Last night, while surfing the television channels I scanned through Caddyshack and Anchorman. At times, I could not believe how lewd the males were when talking about their female counterparts. Even if the crass behavior was meant to convey the idiocy of certain characters, I wonder if children have the maturity to detect the nuance. I am curious how many young people have someone explain why talking about others in such a fashion is hurtful. I also ponder if insensitive words flung by bullies have become culturally normalized. Maybe too many of us are immune and therefore might try and avoid any discussion of the media’s disrespect for women and minorities.
Nasty woman.
Perhaps some women believe they are inferior and cannot see the point of discussing this topic with the men in their lives. They might feel unclear as to why such a talk with their children might help.
Here’s why. As a child, I remember thinking that Archie Bunker was mean when he talked to women and African Americans. I thought the show was hurtful. I was too young to understand that Archie’s behavior was social commentary trying to challenge racism and sexism. The threshold the show pushed was obvious to my family, however no one thought to explain that to me.

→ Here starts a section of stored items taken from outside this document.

Lemma perpo_compl_between (A B C : V -> Prop) :
  subspace A -> subspace B -> subspace C ->
  nonempty A -> incl A B -> incl B C ->
  exists B' : V -> Prop,
    (subspace B' /\ eqset (meet B B') A /\ perpo xi B B' /\ eqset (join B B') C) /\
    forall B'' : V -> Prop, subspace B'' ->
      eqset (meet B B'') A -> perpo xi B B'' -> eqset (join B B'') C ->
      eqset B'' B'.
Proof.
move=> sA sB sC [q Aq] iAB iBC; have Bq := iAB q Aq; have Cq := iBC q Bq.
have [WA hA] := subspace_aff_at sA Aq; have [WB hB] := subspace_aff_at sB Bq.
have [WC hC] := subspace_aff_at sC Cq.
have [W' [eWA hW' eWC] W'_uniq] :=
  vperpo_compl_between (incl_aff hA hB iAB) (incl_aff hB hC iBC).
exists (aff q W'); split.
  split; first exact: subspace_aff.
  split; first by rewrite -eWA in hA; apply: eqset_trans (meet_aff hB _) (eqset_sym hA).
  split; first exact: perpo_aff hB (eqset_refl _) hW'.
  by rewrite -eWC in hC; apply: eqset_trans (join_aff_at hB _) (eqset_sym hC).
move=> B'' sB'' hM hP hJ; have [W hW] := subspace_aff_at sB'' (proj2 ((hM q).2 Aq)).
rewrite -(W'_uniq W) //.
- exact: aff_dir_uniq (meet_aff hB hW) (eqset_trans hM hA).
- exact: perpo_vperpo hP hB hW.
exact: aff_dir_uniq (join_aff_at hB hW) (eqset_trans hJ hC).
Qed.

Lemma perpo_joinr (A B C : V -> Prop) : subspace A -> subspace B -> subspace C ->
  perpo xi A B -> perpo xi A C -> perpo xi A (join B C).
Proof.
move=> sA sB sC hB' hC'.
have [q1 [Aq1 Bq1]] := nonempty_meet_perpo hB'.
have [q2 [Aq2 Cq2]] := nonempty_meet_perpo hC'.
have [WA hA] := subspace_aff_at sA Aq1; have [WB hB] := subspace_aff_at sB Bq1.
have [WC hC] := subspace_aff_at sC Cq2.
apply: (perpo_aff hA (join_aff hB hC)).
apply: vperpo_add; first exact: vperpo_add (perpo_vperpo hB' hA hB)
  (perpo_vperpo hC' hA hC).
apply: vperpo_of_subv; apply/subvP => _ /vlineP [k ->].
exact: memvZ ((hA q2).1 Aq2).
Qed.
Lemma last_pad_head c w : last c (pad_head c w) = last c w.
Proof. by rewrite /pad_head; case: ifP. Qed.

Lemma head_pad_head c w : head c (pad_head c w) = c.
Proof. by rewrite /pad_head; case: ifP => // /negbT/neq_negb; rewrite negbK. Qed.

Lemma head_pad_last c w : head c (pad_last c w) = head c w.
Proof. by rewrite /pad_last; case: ifP => //; case: w. Qed.

Lemma last_pad_last c w : last c (pad_last c w) = c.
Proof. by rewrite /pad_last; case: ifP => [_|/negbT/neq_negb]; rewrite ?last_rcons ?negbK. Qed.

Lemma count_head_last_le c w : w != [::] -> w != [:: ~~ c] ->
  (head c w == ~~ c) + (last c w == ~~ c) <= count_mem (~~ c) w.
Proof.
case: w => [//|a [|b w]] _; first by case: a c => [] [].
move=> _; change ((a == ~~ c) + (last b w == ~~ c) <= (a == ~~ c) + count_mem (~~ c) (b :: w)).
rewrite leq_add2l; case: eqP => [lastn|//].
by rewrite -has_count has_pred1 -lastn mem_last.
Qed.

Section Padding.
Variable F : seq bool -> Prop.
Hypothesis hF : sturmian_lang F.
Variable c : bool.
Hypothesis nc : ~ F [:: ~~ c; ~~ c].

Lemma lang_pad_head w : F w -> F (pad_head c w).
Proof.
rewrite /pad_head; case: eqP => // hw; case: w hw => [|a w] /= hw Fw.
  by move/eqP: hw; rewrite eqbN.
by rewrite hw; apply: (isolated_preceded hF nc); rewrite -hw.
Qed.

Lemma lang_pad_last w : F w -> F (pad_last c w).
Proof.
rewrite /pad_last; case: eqP => // lw; case/lastP: w lw => [|w a] lw Fw.
  by move/eqP: lw; rewrite eqbN.
by move: Fw; rewrite last_rcons in lw; rewrite lw; apply: isolated_followed.
Qed.

Lemma lang_subst_padded v : F v -> head c v = c -> last c v = c -> v != [::] ->
  exists u, v = sturm_subst c u ++ [:: c].
Proof.
case/lastP: v => [//|p a] Fv hv; rewrite last_rcons => -> _.
case: p Fv hv => [|b p] Fv /= hb; first by exists [::].
move: Fv; rewrite hb => /(lang_belast hF) /(lang_subst_image hF nc) [u Eu].
by exists u; rewrite -Eu cats1.
Qed.

Lemma pad_desubst w : F w -> w != [::] -> w != [:: ~~ c] -> exists u,
  [/\ pad_last c (pad_head c w) = sturm_subst c u ++ [:: c], desubst_lang c F u & size u < size w].
Proof.
move=> Fw wn wn'; set v := pad_last c (pad_head c w).
have Fv : F v by apply/lang_pad_last/lang_pad_head.
have sv : size v = size w + (head c w == ~~ c) + (last c w == ~~ c).
  by rewrite size_pad_last size_pad_head last_pad_head.
have cv : count_mem (~~ c) v = count_mem (~~ c) w by rewrite count_pad_last count_pad_head.
have hv : head c v = c by rewrite head_pad_last head_pad_head.
have vn : v != [::] by rewrite -size_eq0 sv; case: (w) wn.
have [u Eu] := lang_subst_padded Fv hv (last_pad_last _ _) vn.
exists u; split => //; first by rewrite /desubst_lang -Eu.
have := count_head_last_le wn wn'.
by move: sv cv; rewrite Eu size_cat size_subst count_cat count_subst /= eqbN; lia.
Qed.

The phrase “Nasty Woman,” epitomizes the verbal spewing by bullies like Archie Bunker, threatened by another’s power or growth. When women or minorities, (President Obama) are spoken about as objects or demeaned in the media, not all young people are equipped to interpret it, and the belittling may be internalized.
For some, a bully’s remarks are threatening. However subliminal or overt, mean spirited comments seep into the subconscious. Since it is an animal instinct to back away from perceived danger, I wonder how many of us unintentionally step away from our dreams, or empowerment, to avoid the threat. Nasty Women.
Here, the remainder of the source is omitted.